FY 2026

A biogeochemical model intercomparison for the eastern Bering Sea shelf

Kearney, K.A., W. Cheng, and A.J. Hermann

J. Geophys. Res., 130(12), e2025JC022634, doi: 10.1029/2025JC022634, View open access article at AGU/Wiley (external link) (2025)

Uncertainty related to biogeochemical model structure—the equations, parameters, and variables used to simulate lower trophic level dynamics—can contribute significantly to overall uncertainty of regional model predictions of living marine resources metrics such as primary production. This may be particularly true in shallow coastal regions, where there is growing interest in using these types of regional models to inform ecosystem management. Here, we use a biogeochemical model intercomparison to analyze the divergence of ecosystem metrics across models for the eastern Bering Sea shelf region, and identify the biogeochemical processes that may lead to this spread. We run three biogeochemical models with varying complexity coupled to the same regional ocean model and run 30-year hindcast simulations spanning 1990–2020. We find that the models differ widely in their spatial and temporal patterns of simulated primary production, and that these differences propagate to most of the higher trophic level metrics examined. We highlight structural elements that lead to these differences, including (a) representation of benthic processes and their role in retaining nitrogen on the shelf, (b) the role of grazing control on spring bloom timing, and (c) the role of zooplankton groups in supporting regenerated production through the summer months. Overall, we conclude that the potential uncertainty associated with even well-established biogeochemical models may be high, particularly when these models are pushed beyond the original contexts under which they were developed. End users should strive to acknowledge and communicate this, particularly when using biogeochemical model output in management contexts.
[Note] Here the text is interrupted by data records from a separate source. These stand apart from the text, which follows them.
(* Let $p$ be a probability rule for stochastic many-worlds theory satisfying Axioms (A1)–(A3). Then for every allowed state $v=\sum_n v_n\lvert n\rangle$ and every $n\ge0$, $p_n(v)=v_n$.
   Context: Stochastic many-worlds theory is defined as follows. The worlds are the vectors $\lvert n\rangle$, $n\in\{0,1,2,\dots\}$, of a countably infinite basis. The allowed states are the real vectors $v=\sum_n v_n\lvert n\rangle$ with $v_n\ge0$ for all $n$ and $\sum_n v_n=1$, where $v_n$ is the amplitude of world $n$. The allowed transformations are the linear maps $T$ with matrix elements $T_{ij}\ge0$ for all $i,j$ and $\sum_i T_{ij}=1$ for every $j$, acting by $(Tv)_i=\sum_j T_{ij}v_j$. A probability rule assigns to each allowed state $v$ a sequence $(p_n(v))_{n\ge 0}$ of nonnegative reals with $\sum_n p_n(v)=1$. The axioms are: (A1) Present state dependence: $p_n$ depends only on the present state $v$, so $p$ is a function of the state alone. (A2) Weak connection with amplitudes: for every allowed state $v$, $v_n=0$ implies $p_n(v)=0$. (A3) Weak connection with transformations: for every allowed state $v$ and allowed transformation $T$, and every partition of $\{0,1,2,\dots\}$ into subsets $\mathcal S_k$ such that $T_{ij}=0$ whenever $i$ and $j$ lie in different subsets, we have $\sum_{n\in\mathcal S_k}p_n(v)=\sum_{n\in\mathcal S_k}p_n(Tv)$ for every $k$. *)

From Stdlib Require Import Reals Arith.
From Coquelicot Require Import Coquelicot.
Open Scope R_scope.

(* A vector in the world basis {|n>}: its sequence of real amplitudes. *)
Definition vec := nat -> R.

Definition allowed_state (v : vec) : Prop :=
  (forall n, 0 <= v n) /\ is_series v 1.

Definition allowed_transf (T : nat -> nat -> R) : Prop :=
  (forall i j, 0 <= T i j) /\ (forall j, is_series (fun i => T i j) 1).

(* Action (T v)_i = sum_j T_ij v_j  (the series converges for allowed T, v). *)
Definition act (T : nat -> nat -> R) (v : vec) : vec :=
  fun i => Series (fun j => T i j * v j).

(* A probability rule (A1: a function of the present state only):
   to each allowed state it assigns a nonnegative sequence summing to 1. *)
Definition prob_rule (p : vec -> nat -> R) : Prop :=
  forall v, allowed_state v -> (forall n, 0 <= p v n) /\ is_series (p v) 1.

Definition weak_amp (p : vec -> nat -> R) : Prop :=
  forall v, allowed_state v -> forall n, v n = 0 -> p v n = 0.

Definition block_sum (q : nat -> R) (c : nat -> nat) (k : nat) : R :=
  Series (fun n => if Nat.eqb (c n) k then q n else 0).

(* (A3): partitions of N are encoded by a block-labelling c : nat -> nat
   (S_k = { n | c n = k }); every partition of N arises this way since it
   has at most countably many nonempty blocks. *)
Definition weak_transf (p : vec -> nat -> R) : Prop :=
  forall v T (c : nat -> nat),
    allowed_state v -> allowed_transf T ->
    (forall i j, c i <> c j -> T i j = 0) ->
    forall k, block_sum (p v) c k = block_sum (p (act T v)) c k.

(* Deterministic transformations ("moves" j |-> f j) are allowed,
   and A3 says they preserve the total probability of every block of worlds
   that they leave invariant.
   1. Moving all worlds other than n onto world n+1 keeps the block {n}, so
      p_n(v) equals the marginal g_n(x) := p_n of the two-world state with
      amplitude x = v_n on n and 1 - x on n+1.
   2. Merging world m into world n (block {n,m}) in a three-world state shows
      g_n(x) + g_m(y) = g_n(x+y); with x = 0 and A2 the marginal does not
      depend on the world, so g := g_0 is additive on [0,1].
   3. g is nonnegative and g(1) = 1 by A2 and normalisation; the bounded
      Cauchy equation then forces g(x) = x, whence p_n(v) = v_n. *)

From Stdlib Require Import Reals Lra Lia List FunctionalExtensionality.
From Coquelicot Require Import Coquelicot.
Import ListNotations.
Open Scope R_scope.

Ltac case_worlds :=
  repeat match goal with
  | |- context [Nat.eqb ?a ?b] =>
      assert_fails (idtac; match a with context [Nat.eqb _ _] => idtac end);
      assert_fails (idtac; match b with context [Nat.eqb _ _] => idtac end);
      destruct (Nat.eqb_spec a b)
  end.

Ltac solve_nodup := repeat constructor; simpl; intuition lia.

Ltac solve_support := intros ? Hnotin; simpl in Hnotin; case_worlds;
  try (exfalso; apply Hnotin; subst; intuition auto; fail); first [lra | exfalso; lia].

Definition point (h : nat) (c : R) : nat -> R :=
  fun j => if Nat.eqb j h then c else 0.

Lemma sum_n_point (h : nat) (c : R) (N : nat) :
  sum_n (point h c) N = if Nat.leb h N then c else 0.
Proof.
  induction N as [|N IH].
  - rewrite sum_O. unfold point. destruct h; reflexivity.
  - rewrite sum_Sn, IH. unfold point. change plus with Rplus.
    destruct (Nat.leb_spec h N), (Nat.leb_spec h (S N)), (Nat.eqb_spec (S N) h);
      try lia; lra.
Qed.

Lemma is_series_point (h : nat) (c : R) : is_series (point h c) c.
Proof.
  apply filterlim_ext_loc with (fun _ => c); [|apply filterlim_const].
  exists h. intros N HN. rewrite sum_n_point.
  destruct (Nat.leb_spec h N); [reflexivity | lia].
Qed.

Lemma is_series_finite (l : list nat) (a : nat -> R) :
  NoDup l -> (forall j, ~ In j l -> a j = 0) ->
  is_series a (fold_right Rplus 0 (map a l)).
Proof.
  revert a. induction l as [|h l IH]; intros a Hnd Hsupp; simpl.
  - apply is_series_ext with (point 0 0); [|apply is_series_point].
    intros j. rewrite Hsupp by auto. unfold point. case_worlds; reflexivity.
  - inversion_clear Hnd as [|? ? Hh Hnd'].
    set (rest := fun j => if Nat.eqb j h then 0 else a j).
    assert (Hrest : map rest l = map a l).
    { apply map_ext_in. intros j Hj. unfold rest. case_worlds; congruence. }
    rewrite <- Hrest.
    apply is_series_ext with (fun j => point h (a h) j + rest j).
    { intros j. unfold rest, point. case_worlds; subst; lra. }
    apply (is_series_plus (point h (a h)) rest); [apply is_series_point|].
    apply IH; [exact Hnd'|].
    intros j Hj. unfold rest. case_worlds; [reflexivity|].
    apply Hsupp. simpl. intuition.
Qed.

Lemma series_finite (l : list nat) (a : nat -> R) (s : R) :
  NoDup l -> (forall j, ~ In j l -> a j = 0) ->
  fold_right Rplus 0 (map a l) = s -> Series a = s.
Proof.
  intros Hnd Hsupp <-. apply is_series_unique, is_series_finite; assumption.
Qed.
Section AdditiveOnUnitInterval.

Variable f : R -> R.
Hypothesis f_nonneg : forall x, 0 <= x <= 1 -> 0 <= f x.
Hypothesis f_add : forall x y, 0 <= x -> 0 <= y -> x + y <= 1 -> f x + f y = f (x + y).
Hypothesis f_one : f 1 = 1.

Lemma additive_zero : f 0 = 0.
Proof. pose proof (f_add 0 0) as H. rewrite Rplus_0_r in H. lra. Qed.

Lemma additive_monotone x y : 0 <= x -> x <= y -> y <= 1 -> f x <= f y.
Proof.
  intros Hx Hxy Hy. replace y with (x + (y - x)) by ring.
  rewrite <- f_add by lra. assert (0 <= f (y - x)) by (apply f_nonneg; lra). lra.
Qed.

Lemma additive_multiple (N k : nat) : (0 < N)%nat -> (k <= N)%nat ->
  f (INR k / INR N) = INR k * f (1 / INR N).
Proof.
  intros HN. assert (HN' : 0 < INR N) by (apply lt_0_INR; lia).
  induction k as [|k IH]; intros Hk.
  - simpl. unfold Rdiv. rewrite Rmult_0_l, additive_zero. ring.
  - assert (HkN : INR (S k) <= INR N) by (apply le_INR; lia).
    assert (Hk0 : 0 <= INR k) by apply pos_INR.
    rewrite S_INR in HkN |- *.
    replace ((INR k + 1) / INR N) with (INR k / INR N + 1 / INR N) by (field; lra).
    rewrite <- f_add.
    + rewrite IH by lia. ring.
    + apply Rmult_le_pos; [lra | left; apply Rinv_0_lt_compat; lra].
    + apply Rmult_le_pos; [lra | left; apply Rinv_0_lt_compat; lra].
    + apply Rmult_le_reg_r with (INR N); [lra|]. field_simplify; lra.
Qed.

Lemma additive_rational (N k : nat) : (0 < N)%nat -> (k <= N)%nat ->
  f (INR k / INR N) = INR k / INR N.
Proof.
  intros HN Hk. assert (HN' : 0 < INR N) by (apply lt_0_INR; lia).
  assert (Hunit : f (1 / INR N) = / INR N).
  { pose proof (additive_multiple N N HN (le_n _)) as H.
    replace (INR N / INR N) with 1 in H by (field; lra).
    apply Rmult_eq_reg_l with (INR N); [|lra]. rewrite <- H, f_one. field; lra. }
  rewrite additive_multiple, Hunit by assumption. unfold Rdiv. ring.
Qed.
Plain Language Summary. Ocean models are increasingly used to analyze and predict changes in marine resources (e.g., managed fisheries). Although many parts of these models have been rigorously tested for skill, other processes are more difficult to validate due to the sparsity of real-world measurements available. Biogeochemical models, which simulate the growth of marine algae, production, and decomposition of organic material, fall into this latter category. In this study, we compare three biogeochemical models applied to the Bering Sea region to see if they agree in their simulation of metrics that are important in marine resource management. We found many differences in the seasonal and multiyear primary production simulated across the three models, even though all three models experienced the same physical conditions, and these differences propagated throughout the food web. We highlight a few processes that contribute to these differences including (a) assumptions each model makes regarding material that sinks to the ocean floor, (b) the role of zooplankton in limiting the accumulation of their phytoplankton prey in spring, and (c) the role of zooplankton in keeping nutrients in the surface waters in the late summer months.